These days taxonomy management systems, such as Graphologi, use a set of standards to store data. These are SKOS, SKOS-XL and OWL.
If you haven't heard of SKOS take a look at this tutorial:
Getting Started with Standards In Graphologi
Behind the standards is something called RDF (Resource Description Framework). RDF data is stored in something called a ‘triple store’. Triples stores can almost always be queried using a language called SPARQL. SPARQL is a very powerful language, but can be a bit intimidating to start with.
With regard to taxonomies, it can be very useful to be able to use SPARQL to query the data behind them for various reasons. One reason is for integration purposes, as SPARQL gives the most flexibility in terms of asking for the data that an integration requires. The second relates to a feature in Graphologi - reporting - which is based upon SPARQL queries. If you can write some SPARQL you can create all sorts of reports for different purposes - additional business rules, quality checks, or management reporting.
This tutorial covers some of the basics of SPARQL that will be helpful in writing queries aimed at generating reports in Graphologi, but the principles are applicable more widely.
Within Graphologi you can create and run SPARQL queries using the SPARQL dashboard.
What does a SPARQL query look like? Here is a very basic one:
PREFIX skos: <http://www.w3.org/2004/02/skos/core#> SELECT * WHERE { ?s a skos:Concept . } LIMIT 10
What is going on here? Well, this query is saying ‘give me back 10 SKOS concepts’, or, to be more precise, the IRI of those concepts.
There are several key aspects:
The first line is something called a prefix statement. This simply allows you to write queries in a more compact way. Without prefixes you have to enter full IRIs which can be time consuming and less readable. Here we have a prefix for the SKOS namespace - skos - and you can see we have used it on line 3. In Graphologi it will automatically detect well known prefixes and add in the PREFIX line - just start typing skos: and the rest just happens - meaning you don’t have to remember them.
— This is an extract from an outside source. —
(* In the setting described in the context, the length $N$ of any full route satisfies $N\le b^{\max}|E|/2$, where $b^{\max}=\max_{e\in E}b(e)$.
   Context: Let $G=(V,E)$ be a finite bipartite graph with color classes $W$ and $F$; the edge joining $w\in W$ and $f\in F$ is written $wf$. Let $b\in\mathbb Z_+^E$ be capacities. For $v\in V$, let $E_v$ be the set of edges incident to $v$, $\mathcal B_v=\{z\in\mathbb Z_+^{E_v}: z(e)\le b(e)\}$, $\mathbf 1^e$ the unit vector of $e$, $|z|=\sum_e|z(e)|$, $\wedge,\vee$ componentwise min and max. Each $v$ has a choice function $C_v:\mathcal B_v\to\mathcal B_v$ with $C_v(z)\le z$, satisfying for all $z,z'$: (A1) $z\ge z'\ge C_v(z)\Rightarrow C_v(z')=C_v(z)$; (A2) $z\ge z'\Rightarrow C_v(z)\wedge z'\le C_v(z')$; (A3) $z\ge z'\Rightarrow |C_v(z)|\ge|C_v(z')|$. Acceptable: $C_v(z)=z$; for distinct acceptable $z,z'$, $z'\prec_v z$ iff $C_v(z\vee z')=z$. $x_v$ is the restriction of $x$ to $E_v$; a g-matching is $x\in\mathbb Z_+^E$, $x\le b$, all $x_v$ acceptable; $x\prec_F y$ (distinct) iff $x_f\preceq_f y_f$ for all $f\in F$. Edge $e\in E_v$ is interesting for $v$ under acceptable $z$ if some $z'\in\mathcal B_v$ has $z'(e)>z(e)$, $z'(e')=z(e')$ for $e'\ne e$, $C_v(z')(e)>z(e)$; $e=wf$ blocks g-matching $x$ if it is interesting for $w$ under $x_w$ and for $f$ under $x_f$. $\mathcal S$ is the set of g-matchings with no blocking edge (stable); $(\mathcal S,\prec_F)$ is a nonempty finite distributive lattice with minimum $x^{\min}$ and maximum $x^{\max}$. Rotations: for $x\in\mathcal S$, $U_F^+(x)$ = edges $wf$ interesting for $f$ under $x_f$; $U_F^-(x)$ = edges $wf$ with $x(wf)>0$ not interesting for $f$. Legal $f$-pair: $(a,c)$, $a\in U_F^+(x)\cap E_f$, $c\in E_f\setminus\{a\}$, $C_f(x_f+\mathbf 1^a)=x_f+\mathbf 1^a-\mathbf 1^c$. Legal $w$-pair: $(c,a)$, $c\in U_F^-(x)\cap E_w$, $a\in U_F^+(x)\cap E_w$, $x_w+\mathbf 1^a-\mathbf 1^c$ acceptable for $w$; essential if no $d\in(U_F^+(x)\cap E_w)\setminus\{a\}$ is interesting for $w$ under $x_w+\mathbf 1^a-\mathbf 1^c$. Digraph with vertices $w^e,f^e$ for each $e=wf\in U_F^+(x)\cup U_F^-(x)$, arcs $(w^a,f^a)$ ($a\in U_F^+$), $(f^c,w^c)$ ($c\in U_F^-$), $(f^a,f^c)$ for legal $f$-pairs, $(w^c,w^a)$ for essential $w$-pairs; after repeatedly deleting vertices with no entering arc, the remaining directed cycles correspond to cyclic sequences $(a_1,c_1,\dots,a_k,c_k)$ of distinct edges of $G$, the rotations $R\in\mathcal R(x)$ applicable to $x$, with $\chi^R$ equal to $+1$ on the $a_i$, $-1$ on the $c_i$, $0$ elsewhere. $\tau_R(x)$ is the maximum $\lambda$ with $x+i\chi^R\in\mathcal S$ for $i=1,\dots,\lambda$. A full route is a sequence $x^{\min}=x_0,\dots,x_N=x^{\max}$ with $x_i=x_{i-1}+\tau_{R_i}(x_{i-1})\chi^{R_i}$, $R_i\in\mathcal R(x_{i-1})$; $N$ is its length. *)

From mathcomp Require Import all_boot.
Set Implicit Arguments. Unset Strict Implicit. Unset Printing Implicit Defensive.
The second line defines the type of query and the results we want back. SELECT is the standard query for most purposes. SELECT * WHERE means ‘give me back everything’. Often you don’t want to do that but for this simple example it’s fine.
The third line is the interesting bit! This is saying find all things that are concepts. ?s is a variable that will be populated with results. The a in the middle is shorthand for type and skos:Concept is using our prefix to say SKOS concepts. Note the period (full stop) at the end of the line. This is important when you have multiple lines in this part of the query.
The last line is restricting the query to 10 results and it is always a good idea, certainly when first writing a query to put a LIMIT on it to avoid queries running amok (which can happen).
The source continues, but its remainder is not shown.